In order to measure the validity of our rules, it is important to know what result should we expect if we did random changes from negative labels to positive labels in our predicted datasets. As we have seen, it would be expected that only 5-6% of values are correctly labelled. This low percentage can be explained by two facts. First, the percentage of positive labels is by itself very low in the real dataset (15%). Second, our models have already predicted correctly part of this positive labels, which mean that only very few remain available for correction. Taking this into consideration, it is evident that **our rules perform better than a random generator would do**. Even so, **incorrect modifications are more common than correct modifications**, which explains why accuracy and precision always fall. Recall, on the other hand, can only improve. 

**As we consider lower relevance thresholds**, we allow more rules and more modifications to be considered. When the number of modifications is low, they tend to be more accurate; when the number of modifications is high, they tend to be less accurate. The consequence is that **recall increase while accuracy and precision decrease**. **As for the two different type of rules**, normalised rules result in less changes being made, which makes sense because we are being more strict. However, **absolute rules usually perform better at similar magnitudes**. The explanation is that normalised rules are very useful from the clinical point of view, but a pure data driven mechanism is expected to yield better metrics.

So, why are we struggling with correctly modifying non-hipometabolism to hipometabolism? 

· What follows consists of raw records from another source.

Lemma shooting_solutions_close c X tau : c_max <= c <= 0 -> 0 <= X -> 0 < tau ->
  exists d, 0 < d /\ forall c', c_max <= c' <= 0 -> Rabs (c' - c) < d ->
  forall x, 0 <= x <= X -> (f c x - f c' x) ^ 2 + (p c x - p c' x) ^ 2 < tau.
Proof.
  intros Hc HX Htau. pose proof P_lip_nonneg as HL.
  destruct (continuity_ab_maj (fun y => Rabs (p c y)) 0 X HX) as [xm [Hxm _]].
  { intros y _. apply (continuity_pt_comp (p c) Rabs);
      [exact (is_derive_continuity_pt _ _ _ (p_deriv c y))|apply Rcontinuity_abs]. }
  set (B := Rabs (p c xm)).
  set (E := exp ((3 + 2 * (- eta * c_max) + L) * X)).
  assert (HE : 0 < E) by apply exp_pos.
  destruct (shooting_data_close B c (tau / E) Hc ltac:(apply Rdiv_lt_0_compat; lra))
    as [d [Hd Hd']].
  exists d. split; [exact Hd|]. intros c' Hc' Hcc' x Hx.
  assert (Hdist := solution_distance_bound (- eta * c) (- eta * c') (f c) (p c) (f c') (p c') X B
    ltac:(nra) HX Hxm ltac:(intros y _; split; [apply f_deriv|apply p_deriv])
    ltac:(intros y _; split; [apply f_deriv|apply p_deriv]) x Hx).
  rewrite !f_init, !p_init in Hdist. specialize (Hd' c' Hc' Hcc').
  assert (exp ((3 + 2 * (- eta * c') + L) * X) <= E).
  { unfold E. destruct (Req_dec X 0) as [->|]; [rewrite !Rmult_0_r; lra|].
    destruct (Req_dec c' c_max) as [->|]; [lra|]. left. apply exp_increasing.
    assert (0 < eta * X) by (apply Rmult_lt_0_compat; lra). assert (c_max < c') by lra. nra. }
  set (S := (theta_s c - theta_s c') ^ 2 + (- eta * c * (theta_s c + r)
    - - eta * c' * (theta_s c' + r)) ^ 2 + (- eta * c - - eta * c') ^ 2 * B ^ 2) in *.
  assert (0 <= S).
  { pose proof (pow2_ge_0 (theta_s c - theta_s c')).
    pose proof (pow2_ge_0 (- eta * c * (theta_s c + r) - - eta * c' * (theta_s c' + r))).
    pose proof (Rmult_le_pos _ _ (pow2_ge_0 (- eta * c - - eta * c')) (pow2_ge_0 B)).
    unfold S. lra. }
  eapply Rle_lt_trans; [exact Hdist|].
  apply Rle_lt_trans with (E * S); [now apply Rmult_le_compat_r|].
  apply Rlt_le_trans with (E * (tau / E)); [now apply Rmult_lt_compat_l|right; field; lra].
Qed.

Lemma flux_reverses_open c : c_max <= c <= 0 -> flux_reverses (f c) (p c) ->
  exists d, 0 < d /\ forall c', c_max <= c' <= 0 -> Rabs (c' - c) < d -> flux_reverses (f c') (p c').
Proof.
  intros Hc [x [Hx [Hpx Hfx]]].
  destruct (continuity_ab_maj (f c) 0 x Hx) as [xm [Hxm Hxm_range]].
  { intros y _. exact (is_derive_continuity_pt _ _ _ (f_deriv c y)). }
  assert (Hfm : f c xm < 1) by (apply Hfx; lra).
  pose proof (Rmin_l (- p c x) (1 - f c xm)). pose proof (Rmin_r (- p c x) (1 - f c xm)).
  set (mu := Rmin (- p c x) (1 - f c xm)) in *.
  assert (Hmu : 0 < mu) by (apply Rmin_glb_lt; lra).
  destruct (shooting_solutions_close c x (mu ^ 2) Hc Hx ltac:(nra)) as [d [Hd Hd']].
  exists d. split; [exact Hd|]. intros c' Hc' Hcc'. exists x. split; [exact Hx|]. split.
  - destruct (abs_lt_of_sum_sq_lt _ _ mu Hmu (Hd' c' Hc' Hcc' x ltac:(lra))) as [_ Hq].
    apply Rabs_def2 in Hq. lra.
  - intros y Hy. destruct (abs_lt_of_sum_sq_lt _ _ mu Hmu (Hd' c' Hc' Hcc' y Hy)) as [Hq _].
    apply Rabs_def2 in Hq. specialize (Hxm y Hy). lra.
Qed.

Lemma overshoots_open c : c_max <= c <= 0 -> overshoots (f c) (p c) ->
  exists d, 0 < d /\ forall c', c_max <= c' <= 0 -> Rabs (c' - c) < d -> overshoots (f c') (p c').
Proof.
  intros Hc [x [Hx [Hfx Hpx]]].
  destruct (continuity_ab_min (p c) 0 x Hx) as [xm [Hxm Hxm_range]].
  { intros y _. exact (is_derive_continuity_pt _ _ _ (p_deriv c y)). }
  assert (Hpm : 0 < p c xm) by (apply Hpx; lra).
  pose proof (Rmin_l (f c x - 1) (p c xm)). pose proof (Rmin_r (f c x - 1) (p c xm)).
  set (mu := Rmin (f c x - 1) (p c xm)) in *.
  assert (Hmu : 0 < mu) by (apply Rmin_glb_lt; lra).
  destruct (shooting_solutions_close c x (mu ^ 2) Hc Hx ltac:(nra)) as [d [Hd Hd']].
  exists d. split; [exact Hd|]. intros c' Hc' Hcc'. exists x. split; [exact Hx|]. split.
  - destruct (abs_lt_of_sum_sq_lt _ _ mu Hmu (Hd' c' Hc' Hcc' x ltac:(lra))) as [Hq _].
    apply Rabs_def2 in Hq. lra.
  - intros y Hy. destruct (abs_lt_of_sum_sq_lt _ _ mu Hmu (Hd' c' Hc' Hcc' y Hy)) as [_ Hq].
    apply Rabs_def2 in Hq. specialize (Hxm y Hy). lra.
Qed.

Lemma overshoots_at_c_max : overshoots (f c_max) (p c_max).
Proof.
  assert (Hp0 : 0 < p c_max 0) by (rewrite p_init, ts_c_max; apply Rmult_lt_0_compat; nra).
  destruct (continuity_pt_gt _ 0 0 (is_derive_continuity_pt _ _ _ (p_deriv c_max 0)) Hp0)
    as [d [Hd Hd']].
  destruct (deriv_pos_right (f c_max) 0 (p c_max 0) d (f_deriv c_max 0) Hp0 Hd) as [y [Hy Hfy]].
  exists y. split; [lra|]. split; [rewrite f_init, ts_c_max in Hfy; exact Hfy|].
  intros z Hz. apply Hd'. rewrite Rminus_0_r, Rabs_right; lra.
Qed.

Lemma flux_reverses_at_0 : flux_reverses (f 0) (p 0).
Proof.
  assert (Hf0 : f 0 0 = 0) by (rewrite f_init; exact ts_0).
  assert (Hp0 : p 0 0 = 0) by (rewrite p_init; ring).
  destruct (continuity_pt_lt _ 0 1 (is_derive_continuity_pt _ _ _ (f_deriv 0 0))) as [d [Hd Hd']];
    [lra|].
  destruct (deriv_neg_right (p 0) 0 _ d (p_deriv 0 0)) as [y [Hy Hpy]]; [|exact Hd|].
  { rewrite Hp0, Hf0. pose proof (P_pos 0 ltac:(lra)). lra. }
  exists y. split; [lra|]. split; [lra|].
  intros z Hz. apply Hd'. rewrite Rminus_0_r, Rabs_right; lra.
Qed.

Theorem exists_front_velocity : exists c, c_max < c < 0 /\ gas_front (- eta * c) (f c) (p c).
Proof.
  destruct (connected_interval_gap (fun c => flux_reverses (f c) (p c))
    (fun c => overshoots (f c) (p c)) c_max 0 c_max_neg overshoots_at_c_max flux_reverses_at_0
    flux_reverses_open overshoots_open
    (fun c _ => flux_reverses_overshoots_exclusive (f c) (p c))) as [c [Hc [Hnrev Hnover]]].
  assert (Hc' : c_max < c < 0).
  { split; apply Rnot_le_lt; intros Hle.
    - apply Hnover. replace c with c_max by lra. apply overshoots_at_c_max.
    - apply Hnrev. replace c with 0 by lra. apply flux_reverses_at_0. }
  assert (Hts1 : theta_s c < 1) by (rewrite <- ts_c_max; apply ts_decr; lra).
  assert (Hts0 : 0 < theta_s c) by (rewrite <- ts_0; apply ts_decr; lra).
  assert (Ha : 0 < - eta * c) by nra.
  exists c. split; [exact Hc'|].
  apply (trapped_front (- eta * c) (f c) (p c) (f_deriv c) (p_deriv c) Ha);
    [|rewrite f_init; lra].
  apply (trapped_of_no_exit (- eta * c) (f c) (p c) (f_deriv c) (p_deriv c));
    [lra|rewrite f_init; lra| |exact Hnrev|exact Hnover].
  rewrite p_init. apply Rmult_lt_0_compat; lra.
Qed.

- **Rules are very simple, which brings uncertainty**: in the rule '*if A is hypometabolic, then B is hypometabolic with a probability of 0.6*' we know the rule can be applied in 60% of cases but we don't know which cases they are; therefore, we may apply it when not needed or not apply it when needed.
- **We are in a very difficult scenario**: many positive labels have already been predicted correctly with our models, so what is left are the difficult cases. 
- **We are in a very unstable scenario**: the models predicted wrongly in some cases, so the rules are acting over uncertain prior knowledge. With neural networks, the prediction is worse than with genetic algorithm. This explains why the rules perform worst even when the scenario is easier (not so many positive labels have been predicted correctly).